--- SUPPLIED DATA Enclosed Below ---
Lemma rateA_capacity t E n :
  rateA h W sigma t E n = capacity (t n * W) (E n * h n / sigma ^+ 2).
Proof.
rewrite /rateA /capacity mulf_eq0 (gt_eqF W_gt0) orbF.
case: eqP => // /eqP t_neq0.
by congr (_ * ln (1 + _)); field; rewrite t_neq0 !gt_eqF.
Qed.

Lemma rateB_capacity t P w n :
  rateB h sigma t P w n = capacity (w n * t) (P n * t * h n / sigma ^+ 2).
Proof.
rewrite /rateB /capacity mulf_eq0; case: eqP => //= /eqP w_neq0.
have [->|t_neq0] := eqVneq t 0; first by rewrite !mul0r.
by rewrite (mulrC t); congr (_ * ln (1 + _)); field;
  rewrite w_neq0 t_neq0 gt_eqF.
Qed.

Lemma ler_energy (E E' : 'I_N -> R) : (forall n, E n <= E' n) ->
  \sum_(n < N) E n * (1 + h n / g n) <= \sum_(n < N) E' n * (1 + h n / g n).
Proof.
move=> le_EE'; apply: ler_sum => n _; rewrite ler_wpM2r // addr_ge0 //.
by rewrite divr_ge0 // ltW.
Qed.

Lemma feasC_of_relaxed (i0 : 'I_N) d r0 E0 : 0 <= d <= D ->
  d <= \sum_(n < N) rateC h sigma r0 E0 n ->
  2 * \sum_(n < N) r0 n <= W * (T - L * d / fB) ->
  (forall n, 0 <= E0 n /\ 0 <= r0 n) ->
  exists r E, feasC h W sigma L D T fB d r E /\ forall n, E n <= E0 n.
Proof.
move=> d_bnd le_d le_budget E0r0_ge0.
rewrite (eq_bigr _ (fun n _ => rateC_capacity r0 E0 n)) in le_d.
have r0_ge0 n : 0 <= r0 n by case: (E0r0_ge0 n).
have x0_ge0 n : 0 <= E0 n * h n / sigma ^+ 2.
  by case: (E0r0_ge0 n) => E0_ge0 _; rewrite divr_ge0 ?mulr_ge0 // ltW.
have [|| r [x [sum_r sum_cap r_ge0 x_bnd]]] :=
  @capacity_tighten R _ i0 r0 _ (W * (T - L * d / fB) / 2) d r0_ge0 x0_ge0.
- by rewrite ler_pdivlMr // mulrC.
- by case/andP: d_bnd => d_ge0 _; rewrite d_ge0.
exists r, (fun n => x n * sigma ^+ 2 / h n); split; first split=> //.
- rewrite -sum_cap; apply: eq_bigr => n _; rewrite rateC_capacity.
  by congr capacity; field; rewrite !gt_eqF.
- by rewrite sum_r mulrC divfK ?pnatr_eq0.
- by move=> n; have /andP[x_ge0 _] := x_bnd n; rewrite divr_ge0 ?mulr_ge0 // ltW.
- move=> n; have /andP[_ le_x] := x_bnd n.
  by rewrite ler_pdivrMr // -ler_pdivlMr.
Qed.

Lemma feasC_of_feasA (i0 : 'I_N) d t E : feasA h W sigma L D T fB d t E ->
  exists r E', feasC h W sigma L D T fB d r E' /\
    objC h g kappa L D T d r E' <= objA h g kappa L D T d t E.
Proof.
case=> le_d le_time d_bnd Et_ge0.
have [||| r [E' [feas le_E]]] :=
  @feasC_of_relaxed i0 d (fun n => t n * W) E d_bnd.
- apply: (le_trans le_d); apply: ler_sum => n _.
  by rewrite rateA_capacity rateC_capacity.
- by rewrite -mulr_suml mulrA mulrC ler_wpM2l // ltW.
- by move=> n; case: (Et_ge0 n) => E_ge0 t_ge0; rewrite E_ge0 mulr_ge0 // ltW.
by exists r, E'; split=> //; rewrite lerD2r ler_energy.
Qed.

Lemma feasC_of_feasB (i0 : 'I_N) d t P w : feasB h W sigma L D T fB d t P w ->
  exists r E, feasC h W sigma L D T fB d r E /\
    objC h g kappa L D T d r E <= objB h g kappa L D T d t P w.
Proof.
case=> le_d le_time le_bandwidth d_bnd [t_ge0 Pw_ge0].
have [||| r [E [feas le_E]]] :=
  @feasC_of_relaxed i0 d (fun n => w n * t) (fun n => P n * t) d_bnd.
- apply: (le_trans le_d); apply: ler_sum => n _.
  by rewrite rateB_capacity rateC_capacity.
- rewrite -mulr_suml mulrCA (le_trans _ (ler_wpM2l (ltW W_gt0) le_time)) //.
  by rewrite ler_wpM2r // mulr_ge0.
- by move=> n; case: (Pw_ge0 n) => P_ge0 w_ge0; rewrite !mulr_ge0.
by exists r, E; split=> //; rewrite lerD2r ler_energy.
Qed.

Lemma feasA_of_feasC d r E : feasC h W sigma L D T fB d r E ->
  feasA h W sigma L D T fB d (fun n => r n / W) E.
Proof.
case=> d_eq time_eq d_bnd Er_ge0; split=> //.
- rewrite d_eq; apply: ler_sum => n _.
  by rewrite rateA_capacity rateC_capacity divfK ?gt_eqF.
- by rewrite -mulr_suml mulrA time_eq mulrC mulKf ?gt_eqF.
- by move=> n; case: (Er_ge0 n) => E_ge0 r_ge0; rewrite E_ge0 divr_ge0 // ltW.
Qed.

Lemma feasB_of_feasC d r E : feasC h W sigma L D T fB d r E ->
  exists t P w, feasB h W sigma L D T fB d t P w /\
    objB h g kappa L D T d t P w <= objC h g kappa L D T d r E.
Proof.
case=> d_eq time_eq d_bnd Er_ge0.
have r_ge0 n : 0 <= r n by case: (Er_ge0 n).
have E_ge0 n : 0 <= E n by case: (Er_ge0 n).
pose tau := (T - L * d / fB) / 2.
have time_tau : 2 * tau = T - L * d / fB by rewrite mulrC divfK ?pnatr_eq0.
have sum_r : \sum_n r n = W * tau.
  by apply: (@mulfI _ 2); rewrite ?pnatr_eq0 // time_eq -time_tau mulrCA.
have tau_ge0 : 0 <= tau by rewrite -(pmulr_rge0 _ W_gt0) -sum_r sumr_ge0.
have [tau0|tau_neq0] := eqVneq tau 0.
- have r0 n : r n = 0.
    apply: (@psumr_eq0P _ _ predT r (fun i _ => r_ge0 i)) => //.
    by rewrite sum_r tau0 mulr0.
  exists 0, (fun _ => 0), (fun _ => 0); split; first split=> //.
  + rewrite d_eq !big1 // => n _; first by rewrite /rateB eqxx.
    by rewrite rateC_capacity r0 capacity0.
  + by rewrite -time_tau tau0.
  + by rewrite big1 // ltW.
  + by rewrite lerD2r ler_energy // => n; rewrite mul0r.
- exists tau, (fun n => E n / tau), (fun n => r n / tau).
  split; first split=> //.
  + rewrite d_eq; apply: ler_sum => n _.
    by rewrite rateB_capacity rateC_capacity !divfK.
  + by rewrite time_tau.
  + by rewrite -mulr_suml sum_r mulfK.
  + by split=> // n; split; apply: divr_ge0.
  + by rewrite lerD2r ler_energy // => n; rewrite divfK.
Qed.

End Problems.

Theorem lemma6 (R : realType) (N : nat) (h g : 'I_N -> R)
    (W sigma kappa L D T fB : R)
    (HN : (0 < N)%N) (Hh : forall n, 0 < h n) (Hg : forall n, 0 < g n)
    (HW : 0 < W) (Hsigma : 0 < sigma) (Hkappa : 0 < kappa) (HL : 0 < L)
    (HD : 0 < D) (HT : 0 < T) (HfB : 0 < fB) :
  (* A -> C : every feasible point of A is matched by a point of C no worse *)
  (forall d t E, feasA h W sigma L D T fB d t E ->
     exists d' r E', feasC h W sigma L D T fB d' r E' /\
       objC h g kappa L D T d' r E' <= objA h g kappa L D T d t E) /\
  (* C -> A *)
  (forall d r E, feasC h W sigma L D T fB d r E ->
     exists d' t E', feasA h W sigma L D T fB d' t E' /\
       objA h g kappa L D T d' t E' <= objC h g kappa L D T d r E) /\
  (* B -> C *)
  (forall d t P w, feasB h W sigma L D T fB d t P w ->
     exists d' r E', feasC h W sigma L D T fB d' r E' /\
       objC h g kappa L D T d' r E' <= objB h g kappa L D T d t P w) /\
  (* C -> B *)
  (forall d r E, feasC h W sigma L D T fB d r E ->
     exists d' t P w, feasB h W sigma L D T fB d' t P w /\
       objB h g kappa L D T d' t P w <= objC h g kappa L D T d r E).
Proof.
pose i0 : 'I_N := Ordinal HN.
split; [|split; [|split]].
- by move=> d t E /(feasC_of_feasA kappa Hh Hg HW Hsigma i0); exists d.
- move=> d r E /(feasA_of_feasC HW Hsigma) feasA.
  by exists d, (fun n => r n / W), E.
- by move=> d t P w /(feasC_of_feasB kappa Hh Hg HW Hsigma i0); exists d.
- by move=> d r E /(feasB_of_feasC kappa Hh Hg HW Hsigma); exists d.
Qed.
(* Let $G$ be a discrete group that contains an amenable normalish subgroup. Then for every coefficient $G$-module $(\pi,E)$ with $E$ mixing and every $n\ge 0$, the bounded cohomology group $H_b^n(G,E)$ is trivial.
   Context: A subgroup $H<G$ is normalish if for every $n\ge1$ and $t_1,\dots,t_n\in G$ the intersection $\bigcap_i t_iHt_i^{-1}$ is infinite. A coefficient $G$-module $(\pi,E)$ is an isometric linear representation $\pi$ of $G$ on a Banach space $E$ which is the dual of a separable Banach space, such that each $\pi(s)$ is weak*-continuous. $E$ is mixing if for every $x\in E\setminus\{0\}$ the stabilizer $\{s\in G:\pi(s)x=x\}$ is finite. The bounded cohomology $H_b^n(G,E)$ is the $n$-th cohomology of the complex $0\to\ell^\infty(G,E)^G\to\ell^\infty(G^2,E)^G\to\cdots$ of bounded $G$-equivariant functions with the standard homogeneous coboundary maps. *)

From HB Require Import structures.
From mathcomp Require Import all_boot all_order all_algebra.
From mathcomp Require Import all_classical all_reals all_analysis.
Set Implicit Arguments. Unset Strict Implicit. Unset Printing Implicit Defensive.
Import Order.TTheory GRing.Theory Num.Theory.
Import numFieldNormedType.Exports.
Local Open Scope classical_set_scope.
Local Open Scope ring_scope.

Definition is_group (G : Type) (mul : G -> G -> G) (inv : G -> G) (one : G) : Prop :=
  [/\ (forall x y z, mul x (mul y z) = mul (mul x y) z),
      (forall x, mul one x = x), (forall x, mul x one = x),
      (forall x, mul (inv x) x = one) & (forall x, mul x (inv x) = one)].

Definition is_subgroup (G : Type) (mul : G -> G -> G) (inv : G -> G) (one : G)
  (H : set G) : Prop :=
  [/\ H one, (forall x y, H x -> H y -> H (mul x y)) & (forall x, H x -> H (inv x))].

(** Normalish: every finite intersection (n >= 1 conjugates) of conjugates
    t_i H t_i^{-1} is infinite.  x \in t H t^{-1}  <->  t^{-1} x t \in H. *)
Definition normalish (G : Type) (mul : G -> G -> G) (inv : G -> G) (H : set G) : Prop :=
  forall (n : nat) (t : 'I_n.+1 -> G),
    infinite_set [set x | forall i, H (mul (mul (inv (t i)) x) (t i))].

(** Elements of l^oo(H) are represented by functions G -> R
    bounded on H, two such functions being identified when they agree on H. *)
Definition bounded_on (R : realType) (G : Type) (H : set G) (phi : G -> R) : Prop :=
  exists M : R, forall x, H x -> `|phi x| <= M.
(* Let $\hbar$ and $\tilde t_1,\tilde t_2,\dots$ be formal parameters, $D=x\frac{\partial}{\partial x}$, and let $$\Psi^{mm}(x,\hbar):=\sum_{j\ge0}s_{(j)}(\tilde{\mathbf t}/\hbar)\,x^j\prod_{l=1}^j\frac{1}{1-\hbar(l-1)}$$ (the first basis vector $\Phi^{mm}_1$ with $\beta=\hbar$ and $\tilde t_k\mapsto\tilde t_k/\hbar$). Then $A_{mm}\Psi^{mm}=0$, where $$A_{mm}:=\sum_{k\ge1}k\tilde t_k\,x^k\prod_{j=0}^{k-1}\frac{1}{1-\hbar(D+j)}-\hbar D$$ (the product of operators in $D$ acts first, then multiplication by $x^k$). If moreover $\tilde t_k=0$ for all $k>l$, then $\tilde A_{mm}\Psi^{mm}=0$ for the polynomial operator $$\tilde A_{mm}=\sum_{k=1}^lk\tilde t_k\hat x^k\prod_{j=1}^{l-k}(1+\hat x\hat y+\hbar j)+\hat x\hat y\prod_{j=1}^l(1+\hat x\hat y+\hbar j),\qquad \hat x=x\cdot,\ \hat y=-\hbar\frac{\partial}{\partial x}.$$
   Context: $s_{(j)}$ is defined by $\exp(\sum_{m\ge1}t_mx^m)=\sum_{j\ge0}s_{(j)}(\mathbf t)x^j$, and $\tilde{\mathbf t}/\hbar=(\tilde t_1/\hbar,\tilde t_2/\hbar,\dots)$. All expressions are formal power series in $x$ with coefficients formal in $\hbar$ and $\tilde{\mathbf t}$; operators $f(D)$ act on $x^m$ by multiplication by $f(m)$. *)

From HB Require Import structures.
From mathcomp Require Import all_boot all_order all_algebra.
Set Implicit Arguments. Unset Strict Implicit. Unset Printing Implicit Defensive.
Import Order.TTheory GRing.Theory Num.Theory.
Local Open Scope ring_scope.

(* Formal power series in x over a field R, represented by their
   coefficient sequence: F n = coefficient of x^n. *)
Definition series (R : Type) := nat -> R.

Section Defs.
Variable R : fieldType.

(* s_(j)(t): coefficient of x^j in exp(sum_{m>=1} t_m x^m)
   = sum_{n>=0} (sum_{m>=1} t_m x^m)^n / n!.  Since the exponent has no
   constant term, only n <= j and m <= j contribute to x^j, so the
   truncations below are exact. *)
Definition schur_row (t : nat -> R) (j : nat) : R :=
  let T : {poly R} := \sum_(1 <= m < j.+1) t m *: 'X^m in
  \sum_(n < j.+1) (T ^+ n)`_j / (n`!)%:R.

(* f(D), D = x d/dx : acts on x^m by multiplication by f m *)
Definition fD (f : nat -> R) (F : series R) : series R := fun m => f m * F m.

Definition mulXn (k : nat) (F : series R) : series R :=
  fun n => if (k <= n)%N then F (n - k)%N else 0.

Definition Psi_mm (hbar : R) (t : nat -> R) : series R :=
  fun j => schur_row (fun m => t m / hbar) j *
           \prod_(1 <= l < j.+1) (1 - hbar * (l.-1)%:R)^-1.

(* A_mm = sum_{k>=1} k t_k x^k prod_{j=0}^{k-1} 1/(1 - hbar (D+j)) - hbar D.
   On the coefficient of x^n only the terms k <= n contribute
   (x^k raises degree by k), so the sum is truncated exactly. *)
Definition A_mm (hbar : R) (t : nat -> R) (F : series R) : series R :=
  fun n =>
    \sum_(1 <= k < n.+1)
       (k%:R * t k) *
       mulXn k (fD (fun m => \prod_(0 <= j < k) (1 - hbar * (m + j)%:R)^-1) F) n
    - hbar * fD (fun m => m%:R) F n.

Definition xhat (F : series R) : series R := mulXn 1 F.
Definition yhat (hbar : R) (F : series R) : series R :=
  fun n => - hbar * ((n.+1)%:R * F n.+1).

Definition Bop (hbar : R) (j : nat) (F : series R) : series R :=
  fun n => F n + xhat (yhat hbar F) n + hbar * j%:R * F n.

Definition opprod (ops : seq (series R -> series R)) (F : series R) : series R :=
  foldr (fun op G => op G) F ops.

Definition Atilde_mm (hbar : R) (t : nat -> R) (l : nat) (F : series R)
  : series R :=
  fun n =>
    \sum_(1 <= k < l.+1)
       (k%:R * t k) *
       iter k xhat (opprod [seq Bop hbar j | j <- iota 1 (l - k)] F) n
    + xhat (yhat hbar (opprod [seq Bop hbar j | j <- iota 1 l] F)) n.

End Defs.

From HB Require Import structures.
From mathcomp Require Import all_boot all_order all_algebra.
From mathcomp Require Import ring.
Import Order.TTheory GRing.Theory Num.Theory.
Set Implicit Arguments. Unset Strict Implicit. Unset Printing Implicit Defensive.
Local Open Scope ring_scope.

(* Write Psi_n = s_n w_n with s_n = s_(n)(t/hbar) and
   w_n = prod_(l=1..n) (1 - hbar (l-1))^-1.  Since
   w_(n-k) * prod_(j<k) (1 - hbar (n-k+j))^-1 = w_n, the coefficient of x^n in
   A_mm Psi is w_n (sum_k k t_k s_(n-k) - hbar n s_n).  In Atilde_mm Psi every
   term carries the same eigenvalue prod_(j=1..l) (1 - hbar n + hbar j) of the
   factors 1 + xhat yhat + hbar j, times the same bracket.  The bracket vanishes
   by the recursion n s_n(u) = sum_k k u_k s_(n-k)(u), read off from the
   derivative of exp(sum_m u_m x^m); we prove it on polynomial truncations of
   the exponential, which is where characteristic 0 enters. *)

Section TakePoly.
Variable R : nzRingType.

Lemma take_polyM m (p q : {poly R}) :
  take_poly m (p * q) = take_poly m (take_poly m p * take_poly m q).
Proof.
apply/polyP => i; rewrite !coef_take_poly; case: ifP => // im.
rewrite !coefM; apply: eq_bigr => j _.
have ji : (j <= i)%N by rewrite -ltnS.
by rewrite !coef_take_poly (leq_ltn_trans ji im) (leq_ltn_trans (leq_subr j i) im).
Qed.

Lemma take_polyX m (p : {poly R}) n :
  take_poly m (p ^+ n) = take_poly m (take_poly m p ^+ n).
Proof.
elim: n => [|n IH] //.
rewrite exprS take_polyM IH [in RHS]exprS [in RHS]take_polyM.
by rewrite [take_poly m (take_poly m p)]take_poly_id // size_take_poly.
Qed.

Lemma coefX_lt (p : {poly R}) n i : p`_0 = 0 -> (i < n)%N -> (p ^+ n)`_i = 0.
Proof.
move=> p0 lt_in; have pXE : p = drop_poly 1 p * 'X.
  rewrite -[LHS](poly_take_drop 1) [take_poly 1 p](_ : _ = 0) ?add0r //.
  by apply/polyP => -[|j]; rewrite coef_take_poly coef0.
by rewrite pXE exprMn_comm ?coefMXn ?lt_in //; exact: commr_polyX.
Qed.
End TakePoly.

Section SchurRowRecursion.
Variable R : fieldType.
Hypothesis R_char0 : [pchar R] =i pred0.
Variable u : nat -> R.

Definition exponent_poly (N : nat) : {poly R} := \sum_(1 <= m < N.+1) u m *: 'X^m.

Lemma coef_exponent_poly N i :
  (exponent_poly N)`_i = if (0 < i <= N)%N then u i else 0.
Proof.
rewrite /exponent_poly coef_sum.
under eq_bigr do rewrite coefZ coefXn mulr_natr mulrb eq_sym.
by rewrite -big_mkcond big_nat1_eq ltnS.
Qed.

Lemma take_exponent_poly j N :
  (j <= N)%N -> take_poly j.+1 (exponent_poly N) = exponent_poly j.
Proof.
move=> le_jN; apply/polyP => i; rewrite coef_take_poly !coef_exponent_poly ltnS.
case: (leqP i j) => [le_ij | _]; last by rewrite andbF.
by rewrite (leq_trans le_ij le_jN) !andbT.
Qed.

Lemma exponent_poly_coef0 N : (exponent_poly N)`_0 = 0.
Proof. by rewrite coef_exponent_poly. Qed.

Definition exp_poly (N : nat) : {poly R} :=
  \sum_(m < N.+1) (m`!%:R)^-1 *: exponent_poly N ^+ m.

Lemma schur_row_exp_poly j N : (j <= N)%N -> schur_row u j = (exp_poly N)`_j.
Proof.
move=> le_jN; rewrite /schur_row -/(exponent_poly j) /exp_poly coef_sum.
have coefT m : (exponent_poly N ^+ m)`_j = (exponent_poly j ^+ m)`_j.
  have coef_take (p : {poly R}) : p`_j = (take_poly j.+1 p)`_j.
    by rewrite coef_take_poly ltnSn.
  by rewrite coef_take [in RHS]coef_take take_polyX take_exponent_poly.
rewrite (big_ord_widen N.+1 (fun n => (exponent_poly j ^+ n)`_j / n`!%:R)) //.
rewrite [RHS](bigID (fun m : 'I_N.+1 => (m < j.+1)%N)) /=.
rewrite [X in _ = _ + X]big1 ?addr0.
  by apply: eq_bigr => m _; rewrite coefZ coefT mulrC.
move=> m; rewrite -leqNgt => lt_jm.
by rewrite coefZ coefX_lt ?mulr0 ?exponent_poly_coef0.
Qed.

Lemma invfact_mulS m : (m.+1`!%:R)^-1 * m.+1%:R = (m`!%:R)^-1 :> R.
Proof.
have /pcharf0P natr_eq0 := R_char0.
by rewrite factS natrM invfM mulrAC mulVf ?mul1r // natr_eq0.
Qed.

Lemma deriv_exp_poly N :
  (exp_poly N.+1)^`() =
  (exponent_poly N.+1)^`() * \sum_(m < N.+1) (m`!%:R)^-1 *: exponent_poly N.+1 ^+ m.
Proof.
rewrite /exp_poly raddf_sum big_ord_recl /= derivZ deriv_exp mulr0n scaler0 add0r.
rewrite mulr_sumr; apply: eq_bigr => m _.
by rewrite derivZ deriv_exp -scaler_nat scalerA invfact_mulS scalerAr.
Qed.

Lemma schur_row_rec n :
  n%:R * schur_row u n = \sum_(1 <= k < n.+1) (k%:R * u k) * schur_row u (n - k)%N.
Proof.
case: n => [|n]; first by rewrite mul0r big_geq.
have := coef_deriv (exp_poly n.+1) n; rewrite deriv_exp_poly coefM => coef_n.
rewrite (@schur_row_exp_poly _ _ (leqnn n.+1)) mulr_natl -coef_n big_add1 /= big_mkord.
apply: eq_bigr => k _; rewrite coef_deriv coef_exponent_poly /= ltn_ord mulr_natl subSS.
have le_nk_n := leq_subr k n.
rewrite (@schur_row_exp_poly _ _ (leq_trans le_nk_n (leqnSn n))) /exp_poly.
rewrite [in RHS]big_ord_recr /= coefD coefZ coefX_lt ?exponent_poly_coef0 ?mulr0 ?addr0 //.
Qed.

End SchurRowRecursion.

Lemma big_nat_widen_vanishing (R : nmodType) (F : nat -> R) a b :
  (a <= b)%N -> (forall k, (a < k)%N -> F k = 0) ->
  \sum_(1 <= k < a.+1) F k = \sum_(1 <= k < b.+1) F k.
Proof.
move=> le_ab F_gt; rewrite (@big_nat_widen _ _ _ 1 a.+1 b.+1) // big_mkcond /=.
by apply: eq_bigr => k _; case: ltnP => // /F_gt ->.
Qed.

Section Operators.
Variables (R : fieldType) (hbar : R).

Lemma iter_xhatE k (F : series R) n :
  iter k (@xhat R) F n = if (k <= n)%N then F (n - k)%N else 0.
Proof.
elim: k n => [|k IH] n /=; first by rewrite subn0.
rewrite {1}/xhat /mulXn; case: n => [|n] //=.
by rewrite subn1 IH ltnS subSS.
Qed.

Lemma xhat_yhatE (F : series R) n : xhat (yhat hbar F) n = - hbar * (n%:R * F n).
Proof.
rewrite /xhat /yhat /mulXn; case: n => [|n] /=; first by rewrite mul0r mulr0.
by rewrite subn1.
Qed.

Lemma BopE j (F : series R) n :
  Bop hbar j F n = (1 - hbar * n%:R + hbar * j%:R) * F n.
Proof. by rewrite /Bop xhat_yhatE; ring. Qed.

Definition Bop_symbol (L m : nat) : R :=
  \prod_(j <- iota 1 L) (1 - hbar * m%:R + hbar * j%:R).

Lemma opprod_BopE L (F : series R) n :
  opprod [seq Bop hbar j | j <- iota 1 L] F n = Bop_symbol L n * F n.
Proof.
rewrite /Bop_symbol; elim: (iota 1 L) => [|j s IH] /=; first by rewrite big_nil mul1r.
by rewrite BopE IH big_cons mulrA.
Qed.

Definition shift_prod (k m : nat) : R := \prod_(0 <= j < k) (1 - hbar * (m + j)%:R).

Lemma Bop_symbolD L m k : Bop_symbol (L + k) (m + k) = Bop_symbol L m * shift_prod k m.
Proof.
elim: k => [|k IH]; first by rewrite !addn0 /shift_prod big_geq // mulr1.
have Bop_symbolS L' m' : Bop_symbol L'.+1 m'.+1 = (1 - hbar * m'%:R) * Bop_symbol L' m'.
  rewrite /Bop_symbol /= big_cons (iotaDl 1 1 L') big_map.
  congr (_ * _); first by rewrite -addn1 natrD; ring.
  by apply: eq_bigr => j _; rewrite -addn1 !natrD; ring.
by rewrite !addnS Bop_symbolS IH /shift_prod big_nat_recr //=; ring.
Qed.

Definition psi_weight (m : nat) : R := \prod_(1 <= l < m.+1) (1 - hbar * (l.-1)%:R)^-1.

Hypothesis hbar_gen : forall m : nat, 1 - hbar * m%:R != 0.

Lemma psi_weightD m k : psi_weight (m + k) * shift_prod k m = psi_weight m.
Proof.
elim: k => [|k IH]; first by rewrite addn0 /shift_prod big_geq // mulr1.
rewrite addnS /psi_weight big_nat_recr //= -/(psi_weight (m + k)).
rewrite /shift_prod big_nat_recr //= -/(shift_prod k m).
by rewrite mulrACA IH mulVf ?mulr1.
Qed.

Lemma shift_prod_neq0 k m : shift_prod k m != 0.
Proof. by rewrite prodf_seq_neq0; apply/allP => j _; exact: hbar_gen. Qed.

End Operators.

Section WeightedSeries.
Variables (R : fieldType) (hbar : R) (t : nat -> R) (s : nat -> R).
Hypothesis hbar_gen : forall m : nat, 1 - hbar * m%:R != 0.

Let F : series R := fun m => s m * psi_weight hbar m.
Let defect (n : nat) : R :=
  \sum_(1 <= k < n.+1) (k%:R * t k) * s (n - k)%N - hbar * (n%:R * s n).

Lemma A_mm_weighted n : A_mm hbar t F n = psi_weight hbar n * defect n.
Proof.
rewrite /A_mm /fD /mulXn /defect mulrBr mulr_sumr.
congr (_ - _); last by rewrite /F; ring.
apply: eq_big_nat => k /andP[_]; rewrite ltnS => le_kn; rewrite le_kn.
rewrite prodfV -/(shift_prod hbar k (n - k)) /F -(psi_weightD hbar_gen (n - k) k) subnK //.
by field; exact: shift_prod_neq0.
Qed.

Lemma Atilde_mm_weighted l : (forall k, (l < k)%N -> t k = 0) ->
  forall n, Atilde_mm hbar t l F n = Bop_symbol hbar l n * psi_weight hbar n * defect n.
Proof.
move=> t_gt n; pose G k := if (k <= n)%N then k%:R * t k * s (n - k)%N else 0.
have sumG : \sum_(1 <= k < l.+1) G k = \sum_(1 <= k < n.+1) k%:R * t k * s (n - k)%N.
  rewrite (big_nat_widen_vanishing (leq_addr n l)) => [|k lt_lk]; last first.
    by rewrite /G t_gt // mulr0 mul0r if_same.
  rewrite -(big_nat_widen_vanishing (leq_addl l n)) => [|k lt_nk]; last first.
    by rewrite /G leqNgt lt_nk.
  by apply: eq_big_nat => k /andP[_]; rewrite ltnS /G => ->.
rewrite /Atilde_mm xhat_yhatE opprod_BopE /defect -sumG mulrBr mulr_sumr.
congr (_ + _); last by rewrite /F; ring.
apply: eq_big_nat => k /andP[_]; rewrite ltnS => le_kl.
rewrite iter_xhatE opprod_BopE /G; case: ifP => le_kn; last by rewrite !mulr0.
have := Bop_symbolD hbar (l - k) (n - k) k; rewrite !subnK // => ->.
by rewrite /F -(psi_weightD hbar_gen (n - k) k) subnK //; ring.
Qed.

End WeightedSeries.

Theorem mainTheorem6 (R : fieldType) (hbar : R) (t : nat -> R)
  (Rchar0 : [pchar R] =i pred0)
  (hbar_neq0 : hbar != 0)
  (hbar_gen : forall m : nat, 1 - hbar * m%:R != 0) :
  (forall n : nat, A_mm hbar t (Psi_mm hbar t) n = 0) /\
  (forall l : nat, (forall k : nat, (l < k)%N -> t k = 0) ->
     forall n : nat, Atilde_mm hbar t l (Psi_mm hbar t) n = 0).
Proof.
pose s := schur_row (fun m => t m / hbar).
have defect0 n : \sum_(1 <= k < n.+1) (k%:R * t k) * s (n - k)%N = hbar * (n%:R * s n).
  rewrite /s (schur_row_rec Rchar0) mulr_sumr; by apply: eq_bigr => k _; field.
split=> [n | l t_gt n].
  by rewrite (A_mm_weighted t s hbar_gen) defect0 subrr mulr0.
by rewrite (Atilde_mm_weighted s hbar_gen t_gt) defect0 subrr mulr0.
Qed.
--- End of Enclosed SUPPLIED DATA ---
*WHAT NEEDS TO BE DONE*: Among the records above, repeat exactly the line with "have [->|t_neq0] := eqVneq", the line with "Lemma ler_energy (E", and every line in between, and only those.

*ANSWER*:
have [->|t_neq0] := eqVneq t 0; first by rewrite !mul0r.
by rewrite (mulrC t); congr (_ * ln (1 + _)); field;
  rewrite w_neq0 t_neq0 gt_eqF.
Qed.

Lemma ler_energy (E E' : 'I_N -> R) : (forall n, E n <= E' n) ->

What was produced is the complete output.